My recent adventures have made me quite the philosopher, especially at night, when I hear naught but the stream grinding boulders into pebbles through an unhurried eternity. My thoughts flow thus. Scholars discern motions in history & formulate these motions into rules that govern the rises & falls of civilizations. My belief runs contrary, however. To wit: history admits no rules, only outcomes.

What precipitates outcomes? Vicious acts & virtuous acts.

What precipitates acts? Belief.

Belief is both prize & battlefield, within the mind & in the mind’s mirror, the world. If we believe humanity is a ladder of tribes, a colosseum of confrontation, exploitation & bestiality, such a humanity is surely brought into being, & history’s Horroxes, Boerhaaves & Gooses shall prevail. You & I, the moneyed, the privileged, the fortunate, shall not fare so badly in this world, provided our luck holds. What of it if our consciences itch? Why undermine the dominance of our race, our gunships, our heritage & our legacy? Why fight the “natural” (oh, weaselly word!) order of things?

Why? Because of this—one fine day, a purely predatory world shall consume itself. Yes, the Devil shall take the hindmost until the foremost is the hindmost. In an individual, selfishness uglifies the soul; for the human species, selfishness is extinction.

Is this the doom written within our nature?

If we believe that humanity may transcend tooth & claw, if we believe divers races & creeds can share this world as peaceably as the orphans share their candlenut tree, if we believe leaders must be just, violence muzzled, power accountable & the riches of the Earth & its Oceans shared equitably, such a world will come to pass. I am not deceived. It is the hardest of worlds to make real. Torturous advances won over generations can be lost by a single stroke of a myopic president’s pen or a vainglorious general’s sword.

A life spent shaping a world I want Jackson to inherit, not one I fear Jackson shall inherit, this strikes me as a life worth the living. Upon my return to San Francisco, I shall pledge myself to the Abolitionist cause, because I owe my life to a self-freed slave & because I must begin somewhere.
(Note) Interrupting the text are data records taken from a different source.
(* Let $\Bbbk$ be a field of characteristic zero, $\lambda\in\Bbbk^*$ and $a\in\Bbbk$. If $\lambda\neq\pm1$ and $a\neq0$, then the $\mathcal O$-module $\Omega(\lambda,a)$ is irreducible.
   Context: $\mathcal O$ is the Lie algebra with basis $\mathcal O_n$ ($n\ge1$) and bracket $[\mathcal O_n,\mathcal O_m]=(n-m)\mathcal O_{n+m}-(n+m)\mathcal O_{n-m}$, where $\mathcal O_0=0$ and $\mathcal O_{-k}=-\mathcal O_k$ (it is the span of $L_n-L_{-n}$, $n\ge1$, in the Witt algebra). $\Omega(\lambda,a)$ is $\Bbbk[X]$ with action $\mathcal O_n\cdot f(X)=\lambda^n(X+na)f(X+n)-\lambda^{-n}(X-na)f(X-n)$ for $n\ge1$. *)

From HB Require Import structures.
From mathcomp Require Import all_boot all_order all_algebra.
Set Implicit Arguments. Unset Strict Implicit. Unset Printing Implicit Defensive.
Import GRing.Theory.
Local Open Scope ring_scope.

(* Action of the basis element O_n (n >= 1) on Omega(lambda, a) = K[X]:
   O_n . f(X) = lambda^n (X + n a) f(X + n) - lambda^{-n} (X - n a) f(X - n).
   Note: p \Po q is the composition p(q). *)
Definition Oact (K : fieldType) (l a : K) (n : nat) (f : {poly K}) : {poly K} :=
  l ^+ n *: (('X + (n%:R * a)%:P) * (f \Po ('X + (n%:R)%:P)))
  - l ^- n *: (('X - (n%:R * a)%:P) * (f \Po ('X - (n%:R)%:P))).

(* An O-submodule of Omega(lambda,a): a K-subspace stable under all O_n, n >= 1
   (these span O, so this is exactly stability under O). *)
Definition Omega_submodule (K : fieldType) (l a : K) (S : {poly K} -> Prop) : Prop :=
  [/\ S 0,
      (forall f g, S f -> S g -> S (f + g)),
      (forall (c : K) f, S f -> S (c *: f)) &
      (forall (n : nat) f, (0 < n)%N -> S f -> S (Oact l a n f))].

Definition Omega_irreducible (K : fieldType) (l a : K) : Prop :=
  (exists f : {poly K}, f != 0) /\
  forall S : {poly K} -> Prop, Omega_submodule l a S ->
    (forall f, S f -> f = 0) \/ (forall f, S f).

From HB Require Import structures.
From mathcomp Require Import all_boot all_order all_algebra.
From mathcomp Require Import ring zify.
From Stdlib Require Import FunctionalExtensionality Classical.
Set Implicit Arguments. Unset Strict Implicit. Unset Printing Implicit Defensive.
Import GRing.Theory.
Local Open Scope ring_scope.

(* Let 0 != f \in S with size f = k, put m = l^-2 and P(t) = (X + t a) f(X + t), a
   polynomial in t of size at most k + 1 with t^k-coefficient a * lead_coef f. Then
   l^-n O_n f = P(n) - m^n P(-n). On sequences, E - m (E the shift) acts on m^n u(n)
   as m^(n+1) (E - 1) u, and E - 1 is the finite difference Delta, which lowers the
   degree of polynomial sequences. Hence (E - m)^(k+1) kills m^n P(-n), and
   (E - 1)^k (E - m)^(k+1) sends the sequence above to the constant
   (1 - m)^(k+1) k! a lead_coef f, which is nonzero since char K = 0, a != 0 and
   l^2 != 1; so 1 \in S. Finally O_1 raises the degree by exactly one (the new leading
   coefficient is (l - l^-1) lead_coef g), so S contains polynomials of every degree
   and S = K[X]. *)

Section ForwardDifference.
Variable R : comNzRingType.
Implicit Types p q : {poly R}.

Definition fdiff p : {poly R} := p \Po ('X + 1) - p.

Lemma fdiffC c : fdiff c%:P = 0.
Proof. by rewrite /fdiff comp_polyC subrr. Qed.

Lemma fdiff_MXaddC p c : fdiff (p * 'X + c%:P) = fdiff p * ('X + 1) + p.
Proof. rewrite /fdiff comp_poly_MXaddC; ring. Qed.

Lemma poly_MXaddC_drop p : p = drop_poly 1 p * 'X + (p`_0)%:P.
Proof.
rewrite -{1}(poly_take_drop 1 p) expr1 addrC; congr (_ + _).
by rewrite (size1_polyC (size_take_poly 1 p)) coef_take_poly.
Qed.

Lemma size_fdiff k p : (size p <= k.+1)%N -> (size (fdiff p) <= k)%N.
Proof.
elim: k p => [|k IH] p sp; first by rewrite (size1_polyC sp) fdiffC size_poly0.
have sq : (size (drop_poly 1 p) <= k.+1)%N by rewrite size_drop_poly; lia.
rewrite (poly_MXaddC_drop p) fdiff_MXaddC.
apply: leq_trans (size_polyD _ _) _; rewrite geq_max sq andbT.
apply: leq_trans (size_polyMleq _ _) _; rewrite size_XaddC.
by have := IH _ sq; lia.
Qed.

Lemma coef_fdiff k p : (size p <= k.+2)%N -> (fdiff p)`_k = k.+1%:R * p`_k.+1.
Proof.
elim: k p => [|k IH] p sp; rewrite {1}(poly_MXaddC_drop p) fdiff_MXaddC.
  have sq : (size (drop_poly 1 p) <= 1)%N by rewrite size_drop_poly; lia.
  rewrite mulrDr mulr1 coefD (coefD (_ * 'X)) coefMX /= add0r coef_drop_poly.
  by rewrite nth_default ?add0r ?mul1r ?size_fdiff.
have sq : (size (drop_poly 1 p) <= k.+2)%N by rewrite size_drop_poly; lia.
have top : (fdiff (drop_poly 1 p))`_k.+1 = 0 by rewrite nth_default ?size_fdiff.
rewrite mulrDr mulr1 coefD (coefD (_ * 'X)) coefMX /= IH // top addr0.
by rewrite !coef_drop_poly !addn1 [in RHS]mulrSr mulrDl mul1r.
Qed.

Lemma iter_fdiff_const k p : (size p <= k.+1)%N ->
  iter k fdiff p = (k`!%:R * p`_k)%:P.
Proof.
elim: k p => [|k IH] p sp; first by rewrite /= mul1r -(size1_polyC sp).
by rewrite iterSr IH ?size_fdiff // coef_fdiff // mulrA -natrM mulnC.
Qed.

Lemma iter_fdiff_eq0 k p : (size p <= k)%N -> iter k fdiff p = 0.
Proof.
case: k => [|k] sp; first by apply/eqP; rewrite -size_poly_eq0 -leqn0.
by rewrite iterS iter_fdiff_const ?fdiffC // ltnW.
Qed.
End ForwardDifference.
Arguments fdiff {R} p.

Lemma iter_commute (T : Type) (f g : T -> T) : (forall x, f (g x) = g (f x)) ->
  forall i j x, iter i f (iter j g x) = iter j g (iter i f x).
Proof.
move=> fg; have fgj j x : f (iter j g x) = iter j g (f x).
  by elim: j x => [|j IH] x //=; rewrite fg IH.
by elim=> [|i IH] j x //=; rewrite IH fgj.
Qed.

Section TwistedDifference.
Variables (R : comNzRingType) (V : lmodType R).
Implicit Types (m : R) (u w : nat -> V).

Definition tdiff m u : nat -> V := fun n => u n.+1 - m *: u n.

Lemma tdiffC m m' u : tdiff m (tdiff m' u) = tdiff m' (tdiff m u).
Proof.
apply: functional_extensionality => n; rewrite /tdiff !scalerBr !scalerA mulrC.
by rewrite !opprB !addrA [LHS]addrAC [RHS]addrAC [in RHS](addrAC (u n.+2)).
Qed.

Lemma tdiffB m u w :
  tdiff m (fun n => u n - w n) = fun n => tdiff m u n - tdiff m w n.
Proof.
apply: functional_extensionality => n.
by rewrite /tdiff scalerBr !opprD !opprK [LHS]addrACA.
Qed.

Lemma iter_tdiffB m j u w :
  iter j (tdiff m) (fun n => u n - w n) =
  fun n => iter j (tdiff m) u n - iter j (tdiff m) w n.
Proof. by elim: j => [|j IH] //=; rewrite IH tdiffB. Qed.

Lemma iter_tdiff_cst m j (c : V) :
  iter j (tdiff m) (fun=> c) = fun=> (1 - m) ^+ j *: c.
Proof.
elim: j => [|j IH] /=; first by apply: functional_extensionality => n; rewrite scale1r.
rewrite IH; apply: functional_extensionality => n.
by rewrite /tdiff scalerA -scalerBl -[X in X - _]mul1r -mulrBl exprS.
Qed.

Lemma iter_tdiff_geom m j w :
  iter j (tdiff m) (fun n => m ^+ n *: w n) =
  fun n => m ^+ (n + j) *: iter j (tdiff 1) w n.
Proof.
elim: j => [|j IH] /=; first by apply: functional_extensionality => n; rewrite addn0.
rewrite IH; apply: functional_extensionality => n.
by rewrite /tdiff scale1r scalerBr scalerA -exprS addSn addnS.
Qed.
End TwistedDifference.

Lemma iter_tdiff1_horner (R : comNzRingType) (A : comAlgType R) j
    (p : {poly A}) :
  iter j (tdiff 1) (fun n => p.[n%:R]) = fun n => (iter j fdiff p).[n%:R].
Proof.
elim: j => [|j IH] //=; rewrite IH; apply: functional_extensionality => n.
rewrite /tdiff /fdiff scale1r hornerD hornerN horner_comp hornerD hornerX.
by rewrite hornerC natr1.
Qed.

Lemma iter_tdiff_exppoly (R : comNzRingType) (A : comAlgType R) (m : R) k
    (p q : {poly A}) : (size p <= k.+1)%N -> (size q <= k.+1)%N ->
  iter k (tdiff 1) (iter k.+1 (tdiff m) (fun n => p.[n%:R] - m ^+ n *: q.[n%:R])) =
  fun=> (1 - m) ^+ k.+1 *: (k`!%:R * p`_k).
Proof.
move=> sp sq.
have -> : iter k.+1 (tdiff m) (fun n => p.[n%:R] - m ^+ n *: q.[n%:R]) =
          iter k.+1 (tdiff m) (fun n => p.[n%:R]).
  rewrite iter_tdiffB iter_tdiff_geom iter_tdiff1_horner iter_fdiff_eq0 //.
  by apply: functional_extensionality => n; rewrite horner0 scaler0 subr0.
rewrite iter_commute; last exact: tdiffC.
rewrite iter_tdiff1_horner iter_fdiff_const // -iter_tdiff_cst.
by congr iter; apply: functional_extensionality => n; rewrite hornerC.
Qed.

Definition subspace (R : nzRingType) (V : lmodType R) (S : V -> Prop) :=
  [/\ S 0, forall u v, S u -> S v -> S (u + v) & forall c u, S u -> S (c *: u)].

Section Subspace.
Variables (R : comNzRingType) (V : lmodType R) (S : V -> Prop).
Hypothesis S_subspace : subspace S.

Lemma subspace0 : S 0. Proof. by case: S_subspace. Qed.

Lemma subspaceD u v : S u -> S v -> S (u + v).
Proof. by case: S_subspace => _ SD _; apply: SD. Qed.

Lemma subspaceZ c u : S u -> S (c *: u).
Proof. by case: S_subspace => _ _; apply. Qed.

Lemma subspaceB u v : S u -> S v -> S (u - v).
Proof. by move=> Su Sv; rewrite -scaleN1r; apply/subspaceD/subspaceZ. Qed.

Lemma subspace_iter_tdiff m j (u : nat -> V) :
  (forall n, S (u n)) -> forall n, S (iter j (tdiff m) u n).
Proof.
by move=> Su; elim: j => [|j IH] n //=; apply/subspaceB/subspaceZ.
Qed.
End Subspace.

Lemma subspace_poly_full (K : fieldType) (S : {poly K} -> Prop) : subspace S ->
  (forall k, exists2 g, S g & size g = k.+1) -> forall p, S p.
Proof.
move=> S_sub S_sizes p; elim: {p}(size p) {-2}p (leqnn (size p)) => [|k IH] p sp.
  by move: sp; rewrite size_poly_leq0 => /eqP ->; apply: subspace0.
have [g Sg sg] := S_sizes k.
have lg0 : lead_coef g != 0 by rewrite lead_coef_eq0 -size_poly_gt0 sg.
rewrite -(subrK ((p`_k / lead_coef g) *: g) p).
apply: subspaceD => //; last exact: subspaceZ.
apply: IH; apply/leq_sizeP => i; rewrite leq_eqVlt => /predU1P [<- | ki].
  have gk : g`_k = lead_coef g by rewrite lead_coefE sg.
  by rewrite coefB coefZ gk mulfVK ?subrr.
have [pi gi] : p`_i = 0 /\ g`_i = 0 by rewrite !nth_default ?sg // (leq_trans sp ki).
by rewrite coefB coefZ pi gi mulr0 subr0.
Qed.

Lemma size_scaleB_eq_lead (R : idomainType) (c d : R) (p q : {poly R}) :
  c != d -> size q = size p -> lead_coef q = lead_coef p ->
  size (c *: p - d *: q) = size p.
Proof.
move=> cd; have [-> sq _ | p0 sq lq] := eqVneq p 0.
  move/eqP: sq; rewrite size_poly0 size_poly_eq0 => /eqP ->.
  by rewrite !scaler0 subr0 size_poly0.
have top : (c *: p - d *: q)`_(size p).-1 = (c - d) * lead_coef p.
  by rewrite coefB !coefZ -lead_coefE -sq -lead_coefE lq mulrBl.
apply/eqP; rewrite eqn_leq -{2}[size p]prednK ?size_poly_gt0 // ltnNge.
rewrite (leq_trans (size_polyD _ _)) ?size_polyN ?geq_max ?size_scale_leq //=.
  apply/negP => /(nth_default 0)/eqP; rewrite top mulf_eq0 subr_eq0 lead_coef_eq0.
  by rewrite (negPf cd) (negPf p0).
by rewrite -sq size_scale_leq.
Qed.

Lemma size_XaddC_mul_comp (R : idomainType) (g : {poly R}) (b c : R) : g != 0 ->
  size (('X + c%:P) * (g \Po ('X + b%:P))) = (size g).+1.
Proof.
move=> g0; have sg : size (g \Po ('X + b%:P)) = size g.
  by rewrite size_comp_poly2 ?size_XaddC.
have X0 : 'X + c%:P != 0 by rewrite -size_poly_eq0 size_XaddC.
have G0 : g \Po ('X + b%:P) != 0 by rewrite -size_poly_eq0 sg size_poly_eq0.
by rewrite size_mul // sg size_XaddC.
Qed.

Lemma lead_coef_XaddC_mul_comp (R : idomainType) (g : {poly R}) (b c : R) :
  lead_coef (('X + c%:P) * (g \Po ('X + b%:P))) = lead_coef g.
Proof.
rewrite lead_coefM lead_coefXaddC mul1r lead_coef_comp ?size_XaddC //.
by rewrite lead_coefXaddC expr1n mulr1.
Qed.

Section OmegaModule.
Variables (K : fieldType) (l a : K).
Implicit Types (f g : {poly K}) (S : {poly K} -> Prop).

Lemma Oact0 f : Oact l a 0 f = 0.
Proof.
by rewrite /Oact !(mul0r, polyC0, addr0, subr0) comp_polyXr expr0 invr1 subrr.
Qed.

Lemma Omega_submodule_subspace S : Omega_submodule l a S -> subspace S.
Proof. by case. Qed.

Lemma Omega_submoduleO S n f : Omega_submodule l a S -> S f -> S (Oact l a n f).
Proof. by case=> S0 _ _ SO; case: n => [|n] Sf; [rewrite Oact0 | apply: SO]. Qed.

Lemma size_Oact n g : l ^+ n != l ^- n -> g != 0 ->
  size (Oact l a n g) = (size g).+1.
Proof.
move=> ln g0; rewrite /Oact -!polyCN size_scaleB_eq_lead ?size_XaddC_mul_comp //.
by rewrite !lead_coef_XaddC_mul_comp.
Qed.

(* The polynomial (X + t a) f(X + t) in t over K[X]: the outer variable 'X is t,
   and 'Y (= 'X%:P) is the variable X of Omega(l, a). *)
Definition Opoly f : {poly {poly K}} := ((a%:P)%:P * 'X + 'Y) * poly_XaY f.

Lemma horner_Opoly f (c : K) :
  (Opoly f).[c%:P] = ('X + (c * a)%:P) * (f \Po ('X + c%:P)).
Proof.
rewrite /Opoly hornerM hornerMXaddC hornerC horner_poly_XaY -polyCM (mulrC a).
by rewrite [(c * a)%:P + _]addrC [c%:P + _]addrC.
Qed.

Lemma Oact_Opoly n f :
  Oact l a n f = l ^+ n *: (Opoly f).[n%:R] - l ^- n *: (Opoly f \Po - 'X).[n%:R].
Proof.
rewrite horner_comp hornerN hornerX -polyC_natr -polyCN !horner_Opoly.
by rewrite mulNr !polyCN.
Qed.

Lemma size_Opoly f : (size (Opoly f) <= (size f).+1)%N.
Proof.
apply: leq_trans (size_polyMleq _ _) _; rewrite size_poly_XaY size_MXaddC.
case: ifP => _; first by rewrite add0n (leq_trans (leq_pred _)).
by rewrite addSn /= -add1n leq_add2r size_polyC_leq1.
Qed.

Lemma coef_Opoly_size f : (Opoly f)`_(size f) = (a * lead_coef f)%:P.
Proof.
have [-> | f0] := eqVneq f 0.
  by rewrite /Opoly poly_XaY0 mulr0 coef0 lead_coef0 mulr0.
have top : (poly_XaY f)`_(size f).-1 = (lead_coef f)%:P.
  by rewrite -lead_coef_poly_XaY lead_coefE size_poly_XaY.
have out : (poly_XaY f)`_(size f) = 0 by rewrite nth_default ?size_poly_XaY.
rewrite /Opoly mulrDl -mulrA coefD !coefCM coefXM size_poly_eq0 (negPf f0).
by rewrite top out mulr0 addr0 polyCM.
Qed.
End OmegaModule.

Section Irreducibility.
Variables (K : fieldType) (l a : K) (S : {poly K} -> Prop).
Hypotheses (l0 : l != 0) (l2 : l ^+ 2 != 1) (S_sub : Omega_submodule l a S).

Lemma Oact_twist n f :
  l ^- n *: Oact l a n f =
  (Opoly a f).[n%:R] - (l ^+ 2)^-1 ^+ n *: (Opoly a f \Po - 'X).[n%:R].
Proof.
rewrite Oact_Opoly scalerBr !scalerA mulVf ?expf_neq0 // scale1r.
by rewrite -invfM -exprD exprVn -exprM addnn mul2n.
Qed.

Lemma Omega_submodule_one : [pchar K] =i pred0 -> a != 0 ->
  forall f : {poly K}, f != 0 -> S f -> S 1.
Proof.
move=> ch a0 f f0 Sf; have Ssub := Omega_submodule_subspace S_sub.
set m := (l ^+ 2)^-1.
have Sh n : S ((Opoly a f).[n%:R] - m ^+ n *: (Opoly a f \Po - 'X).[n%:R]).
  by rewrite -Oact_twist; apply: (subspaceZ Ssub); apply: Omega_submoduleO.
have sp := size_Opoly a f.
have sq : (size (Opoly a f \Po - 'X) <= (size f).+1)%N.
  by rewrite size_comp_poly2 // size_polyN size_polyX.
have S_tdiff := subspace_iter_tdiff Ssub m (size f).+1 Sh.
have := subspace_iter_tdiff Ssub 1 (size f) S_tdiff 0.
rewrite iter_tdiff_exppoly // coef_Opoly_size -polyC_natr -polyCM scale_polyC.
set c := _ * _ => Sc.
have c0 : c != 0.
  rewrite !mulf_neq0 ?expf_neq0 ?lead_coef_eq0 //.
    by rewrite subr_eq0 eq_sym invr_eq1.
  by move/pcharf0P: ch => ->; rewrite -lt0n fact_gt0.
by have := subspaceZ Ssub c^-1 Sc; rewrite scale_polyC mulVf // polyC1.
Qed.

Lemma Omega_submodule_full : S 1 -> forall p, S p.
Proof.
move=> S1; apply: subspace_poly_full (Omega_submodule_subspace S_sub) _ => k.
have ll : l ^+ 1 != l ^- 1.
  by apply: contra l2; rewrite !expr1 => /eqP ll; rewrite expr2 {2}ll mulfV.
exists (iter k (Oact l a 1) 1); first by elim: k => //= k IH; apply: Omega_submoduleO.
elim: k => [|k IH] /=; first by rewrite size_poly1.
by rewrite size_Oact ?IH // -size_poly_eq0 IH.
Qed.
End Irreducibility.

Theorem proposition3p19 (K : fieldType) (l a : K) :
  [pchar K] =i pred0 -> l != 0 -> l != 1 -> l != -1 -> a != 0 ->
  Omega_irreducible l a.
Proof.
move=> ch l0 l1 lm1 a0; split; first by exists 1; rewrite oner_neq0.
have l2 : l ^+ 2 != 1 by rewrite sqrf_eq1 negb_or l1 lm1.
move=> S S_sub; have [[f [Sf f0]] | S0] := classic (exists f, S f /\ f != 0).
  right; apply: (Omega_submodule_full l0 l2 S_sub).
  exact: (Omega_submodule_one l0 l2 S_sub ch a0 f0).
by left=> f Sf; apply/eqP; apply: contra_notT S0 => f0; exists f.
Qed.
I hear my father-in-law’s response: “Oho, fine. Whiggish sentiments, Adam. But don’t tell me about justice! Ride to Tennessee on an ass & convince the rednecks that they are merely white-washed negroes & their negroes are black-washed Whites! Sail to the Old World, tell ’em their imperial slaves’ rights are as inalienable as the Queen of Belgium’s! Oh, you’ll grow hoarse, poor & gray in caucuses! You’ll be spat on, shot at, lynched, pacified with medals, spurned by backwoodsmen! Crucified! Naïve, dreaming Adam. He who would do battle with the many-headed hydra of human nature must pay a world of pain & his family must pay it along with him! & only as you gasp your dying breath shall you understand, your life amounted to no more than one drop in a limitless ocean!”

Yet what is any ocean but a multitude of drops?